When starting a standalone node, you need to execute the following command:
{IGNITE_HOME}/bin/ignite.{bat|sh} examples/config/example-cache.xml
When starting Ignite from Java IDE, pass path to this file to Ignition:
Ignition.start("examples/config/example-cache.xml");
-->
<beans xmlns="http://www.springframework.org/schema/beans"
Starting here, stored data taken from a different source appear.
(* pert_k (x_0,...,x_k) = x_k + sum_{j<k} (-1)^(k-1-j) D_{k,j} pert_j(x_0..x_j),
   computed with fuel: pert_aux f k = pert_k whenever f >= k. *)
Fixpoint pert_aux (x : forall k : nat, 'cV[C]_(d k)) (f : nat)
  : forall k : nat, 'cV[C]_(d k) :=
  match f with
  | 0 => fun k => x k
  | f'.+1 => fun k =>
      x k + \sum_(j < k) ((-1) ^+ (k.-1 - j) *: (Dm k j *m pert_aux x f' j))
  end.

Definition pert (x : forall k : nat, 'cV[C]_(d k)) (k : nat) : 'cV[C]_(d k) :=
  pert_aux x k k.

Definition Lin (x : forall k : nat, 'cV[C]_(d k)) : forall k : nat, 'cV[C]_(d k) :=
  fun k => match k return 'cV[C]_(d k) with
           | 0 => L 0 *m x 0
           | k'.+1 => L k'.+1 *m x k'.+1 + Cc k' *m x k'
           end.

Definition Nom (x : forall k : nat, 'cV[C]_(d k)) : forall k : nat, 'cV[C]_(d k) :=
  fun k => L k *m x k.

End Cascade.

From HB Require Import structures.
From mathcomp Require Import all_boot all_order all_algebra.
From mathcomp Require Import all_classical all_reals all_analysis.
From mathcomp Require Import complex.
From mathcomp Require Import zify ring lra.
Import Order.TTheory GRing.Theory Num.Theory numFieldNormedType.Exports.
Local Open Scope ring_scope.
Local Open Scope classical_set_scope.
Set Implicit Arguments.
Unset Strict Implicit.
Unset Printing Implicit Defensive.

(* The matrices D_{k,j} solve the Sylvester equations
     L_{k+1} D_{k+1,j} - D_{k+1,j} L_j = C_{k+1,k} D_{k,j}:
   in the eigenbases of L_{k+1} and L_j the equation decouples entrywise, and the
   factors 1 - lambda_{j,m} / lambda_{k+1,l} are invertible because L_{k+1} is
   invertible and the spectra are disjoint.  By induction on t this yields
     Pi_k Lin^t x = L_k^t pert_k x - sum_{j<k} (-1)^(k-1-j) D_{k,j} L_j^t pert_j x,
   so the gap to Nom^t (pert x) is bounded termwise by
   |D_{k,j}| |L_j^t pert_j x| <= |D_{k,j}| |pert_j x| |L_j|^t, and |L_j| <= |L_{k-1}| < |L_k|
   makes its ratio to |L_k|^t decay geometrically.  Operator norms are finite
   because every norm on C^m dominates the coordinates, by compactness of the unit
   sphere of R^(2m). *)

Lemma mulmx_exprS (F : pzRingType) m (A : 'M[F]_m) t (v : 'cV[F]_m) :
  A ^+ t.+1 *m v = A *m (A ^+ t *m v).
Proof. by rewrite exprS -mulmxE mulmxA. Qed.

Lemma unitmx_eigenvalue_neq0 (F : fieldType) m (A : 'M[F]_m) c :
  A \in unitmx -> eigenvalue A c -> c != 0.
Proof.
move=> uA /eigenvalueP [v vA]; apply: contraNneq => c0.
by rewrite -[v](mulmxK uA) vA c0 scale0r mul0mx.
Qed.

Section Diagonalizable.
Variables (F : fieldType) (m : nat) (A P : 'M[F]_m) (a : 'I_m -> F).
Hypotheses (uP : P \in unitmx) (AP : A *m P = P *m diag_mx (\row_l a l)).

Lemma invmx_mulmx_diag : invmx P *m A = diag_mx (\row_l a l) *m invmx P.
Proof. by rewrite -[LHS](mulmxK uP) -(mulmxA (invmx P)) AP !mulmxA mulVmx // mul1mx. Qed.

Lemma eigenvalue_diag l : eigenvalue A (a l).
Proof.
apply/eigenvalueP; exists (delta_mx 0 l *m invmx P).
  rewrite -mulmxA invmx_mulmx_diag mulmxA scalemxAl; congr (_ *m _).
  apply/matrixP => i j; rewrite mul_mx_diag !mxE.
  by have [->|_] := eqVneq j l; rewrite ?andbF ?mul0r ?mulr0 // mulrC.
apply: contra_neq (@oner_neq0 F) => /(congr1 (mulmx^~ P)).
by rewrite mulmxKV // mul0mx => /matrixP /(_ 0 l); rewrite !mxE !eqxx.
Qed.

Lemma invmx_mulmx_eigenbasis : A \in unitmx -> invmx A *m P = P *m diag_mx (\row_l (a l)^-1).
Proof.
move=> uA; have a0 l := unitmx_eigenvalue_neq0 uA (eigenvalue_diag l).
have diagK : diag_mx (\row_l a l) *m diag_mx (\row_l (a l)^-1) = 1%:M.
  apply/matrixP => i j; rewrite mul_diag_mx !mxE.
  by have [->|] := eqVneq i j; rewrite ?mulr0 // mulfV.
by rewrite -[RHS](mulKmx uA) [A *m (P *m _)]mulmxA AP -mulmxA diagK mulmx1.
Qed.

End Diagonalizable.

Lemma sylvester_diagonalizable (F : fieldType) p q (A : 'M[F]_p) (B : 'M[F]_q)
    (P : 'M[F]_p) (Q : 'M[F]_q) (a : 'I_p -> F) (b : 'I_q -> F) (E : 'M[F]_(p, q)) :
  A \in unitmx -> P \in unitmx -> Q \in unitmx ->
  A *m P = P *m diag_mx (\row_l a l) -> B *m Q = Q *m diag_mx (\row_m b m) ->
  (forall l m, b m != a l) ->
  let X := invmx A *m P *m
      (\matrix_(l, m) ((invmx P *m E *m Q) l m * (1 - b m / a l)^-1)) *m invmx Q in
  A *m X - X *m B = E.
Proof.
move=> uA uP uQ AP BQ ab X.
have a0 l : a l != 0 := unitmx_eigenvalue_neq0 uA (eigenvalue_diag uP AP l).
rewrite {}/X; set M := invmx P *m E *m Q; set Ct := \matrix_(l, m) _.
have AX : A *m (invmx A *m P *m Ct *m invmx Q) = P *m Ct *m invmx Q.
  by rewrite !mulmxA mulmxV // mul1mx.
have XB : invmx A *m P *m Ct *m invmx Q *m B =
    P *m (diag_mx (\row_l (a l)^-1) *m Ct *m diag_mx (\row_m b m)) *m invmx Q.
  by rewrite -mulmxA (invmx_mulmx_diag uQ BQ) (invmx_mulmx_eigenbasis uP AP uA) !mulmxA.
rewrite AX XB -mulmxBl -mulmxBr.
have -> : Ct - diag_mx (\row_l (a l)^-1) *m Ct *m diag_mx (\row_m b m) = M.
  apply/matrixP => l m; rewrite mxE [in RHS]mxE mul_mx_diag mxE mul_diag_mx !mxE.
  by field; rewrite a0 subr_eq0 eq_sym ab.
by rewrite /M !mulmxA mulmxV // mul1mx -mulmxA mulmxV // mulmx1.
Qed.

Section ModC.
Variable R : realType.

Lemma modCE (a b : R) : modC (a +i* b)%C = Num.sqrt (a ^+ 2 + b ^+ 2).
Proof. by []. Qed.

Lemma modC0 : modC (0 : complex R) = 0.
Proof. exact: ComplexField.Normc.normc0. Qed.

Lemma modCR (r : R) : modC (r%:C)%C = `|r|.
Proof. by rewrite -[(r%:C)%C]/(r +i* 0)%C modCE expr0n addr0 sqrtr_sqr. Qed.

Lemma modCN1 : modC (-1 : complex R) = 1.
Proof. by rewrite -[-1]/((-1) +i* (-0))%C modCE oppr0 expr0n addr0 sqrrN expr1n sqrtr1. Qed.

Lemma modC_le_Re_Im (a b : R) : modC (a +i* b)%C <= `|a| + `|b|.
Proof.
rewrite modCE -[leRHS]ger0_norm ?addr_ge0 // -sqrtr_sqr ler_sqrt ?sqr_ge0 //.
rewrite sqrrD -[a ^+ 2](real_normK (num_real a)) -[b ^+ 2](real_normK (num_real b)).
by rewrite addrAC lerDl mulrn_wge0 ?mulr_ge0.
Qed.

End ModC.

Section NormFacts.
Variables (R : realType) (m : nat) (N : 'cV[complex R]_m -> R).
Hypothesis normN : is_norm N.

Lemma nrm_eq0 x : N x = 0 -> x = 0.
Proof. by have [+ _ _] := normN; apply. Qed.

Lemma nrmZ c x : N (c *: x) = modC c * N x.
Proof. by have [_ + _] := normN; apply. Qed.

Lemma ler_nrmD x y : N (x + y) <= N x + N y.
Proof. by have [_ _ +] := normN; apply. Qed.

Lemma nrm0 : N 0 = 0.
Proof. by rewrite -(scale0r (0 : 'cV_m)) nrmZ modC0 mul0r. Qed.

Lemma nrmN x : N (- x) = N x.
Proof. by rewrite -scaleN1r nrmZ modCN1 mul1r. Qed.

Lemma nrm_sign k x : N ((-1) ^+ k *: x) = N x.
Proof. by rewrite -signr_odd; case: (odd k); rewrite ?scaleN1r ?scale1r ?nrmN. Qed.

Lemma nrm_ge0 x : 0 <= N x.
Proof.
by have := ler_nrmD x (- x); rewrite subrr nrm0 nrmN => ?; lra.
Qed.

Lemma ler_nrm_sum (I : finType) (f : I -> 'cV[complex R]_m) :
  N (\sum_i f i) <= \sum_i N (f i).
Proof.
elim/big_rec2: _ => [|i y1 y2 _ H]; first by rewrite nrm0.
by apply: le_trans (ler_nrmD _ _) _; rewrite lerD2l.
Qed.

Lemma ler_dist_nrm x y : `|N x - N y| <= N (x - y).
Proof.
have := ler_nrmD (x - y) y; have := ler_nrmD (y - x) x.
rewrite !subrK -opprB nrmN => h1 h2.
by rewrite ler_norml; apply/andP; split; lra.
Qed.

End NormFacts.

Lemma lipschitz_continuous (R : realType) p (f : 'rV[R]_p -> R) (K : R) : 0 < K ->
  (forall v w, `|f v - f w| <= K * `|v - w|) -> continuous f.
Proof.
move=> K0 fK v s /= /nbhs_ballP [e e0 es]; apply/nbhs_ballP.
exists (e / K) => [|w]; first by rewrite /= divr_gt0.
rewrite -!ball_normE /= => vw; apply: es; rewrite -ball_normE /=.
by apply: le_lt_trans (fK v w) _; rewrite -ltr_pdivlMl // mulrC.
Qed.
xmlns:xsi="http://www.w3.org/2001/XMLSchema-instance"
xsi:schemaLocation="
http://www.springframework.org/schema/beans
http://www.springframework.org/schema/beans/spring-beans.xsd">
<bean id="ignite.cfg" class="org.apache.ignite.configuration.IgniteConfiguration">
<property name="dataStorageConfiguration">
<bean class="org.apache.ignite.configuration.DataStorageConfiguration">
<property name="walMode" value="LOG_ONLY"/>
<property name="storagePath" value="/data/dbignite2.10.0-SNAPSHOT"/>
<property name="walPath" value="/data/walignite2.10.0-SNAPSHOT"/>
<property name="walArchivePath" value="/data/walarchignite2.10.0-SNAPSHOT"/>
<property name="walHistorySize" value="1"/>
<property name="metricsEnabled" value="true"/>
<property name="defaultDataRegionConfiguration">
<bean class="org.apache.ignite.configuration.DataRegionConfiguration">
<property name="name" value="default_data_region"/>
<property name="persistenceEnabled" value="false"/>
<!-- Setting the max size of the default region to 10GB. -->
<property name="maxSize" value="#{10L * 1024 * 1024 * 1024}"/>
<!-- Setting the initial size of the default region to 10GB. -->
<property name="initialSize" value="#{10L * 1024 * 1024 * 1024}"/>
<property name="checkpointPageBufferSize" value="#{1L * 1024 * 1024 * 1024}"/>
<property name="metricsEnabled" value="true"/>
</bean>
</property>
</bean>
</property>
<property name="cacheConfiguration">
<list>
<bean class="org.apache.ignite.configuration.CacheConfiguration">
<property name="name" value="usertable"/>
<property name="atomicityMode" value="ATOMIC"/>
<property name="cacheMode" value="PARTITIONED"/>
<property name="backups" value="1"/>
<property name="writeSynchronizationMode" value="FULL_SYNC"/>
</bean>
</list>
</property>
<!-- Explicitly configure TCP discovery SPI to provide list of initial nodes. -->
<property name="discoverySpi">
<bean class="org.apache.ignite.spi.discovery.tcp.TcpDiscoverySpi">
<property name="localPort" value="47500" />
<property name="ipFinder">
<bean class="org.apache.ignite.spi.discovery.tcp.ipfinder.vm.TcpDiscoveryVmIpFinder">
<property name="addresses">
<list>
<!--The list of hosts includes client host. -->
<!--<value><hostname_or_IP>:47500..47509</value>-->
<!--<value><hostname_or_IP>:47500..47509</value>-->
<value>10.1.0.16:47500</value>
<value>10.1.0.16:47501</value>
<value>10.1.0.16:47502</value>
</list>
</property>
</bean>
</property>
</bean>
</property>
</bean>
</beans>
Next, I utilized JFR to profile the runtime and discovered a significant increase in the profiling samples of sun.nio.ch.EPollArrayWrapper.epollWait(). Specifically, the overall method profiling samples increased by approximately 2000 (equivalent to around 10% of v2.7.6's overall method profiling samples, which matches the increase ratio of latency), while the increase in samples of epollWait() was around 5500, and java.net.PlainSocketImpl.socketAccept() decreased by approximately 3900 samples. To gather this data, I conducted ten rounds of testing using the benchmark mentioned above on an Ubuntu 18.04.1 LTS system with x86_64 arch, 16 cores, and 132GB memory.
Based on my findings, I concluded that epollWait() is the primary cause of the latency increase. I have since attempted to narrow down the issue and locate the particular commit(s) responsible. I discovered that commit 1094fff had an increase in samples of approximately 3400 compared to its parent. This increase accounts for around 61.82% of the total increase in epollWait() samples from v2.7.6 to v2.14.0. However, the latency did not significantly increase from its parent, as socketAccept() also decreased by approximately 3400 samples.
At this point, I would like to understand why this particular commit caused such a significant increase in epollWait() samples. The commit appears to only disable JMX monitoring, but since I lack context, I am seeking suggestions on where to focus my further study. Can you please provide any advice or recommendations?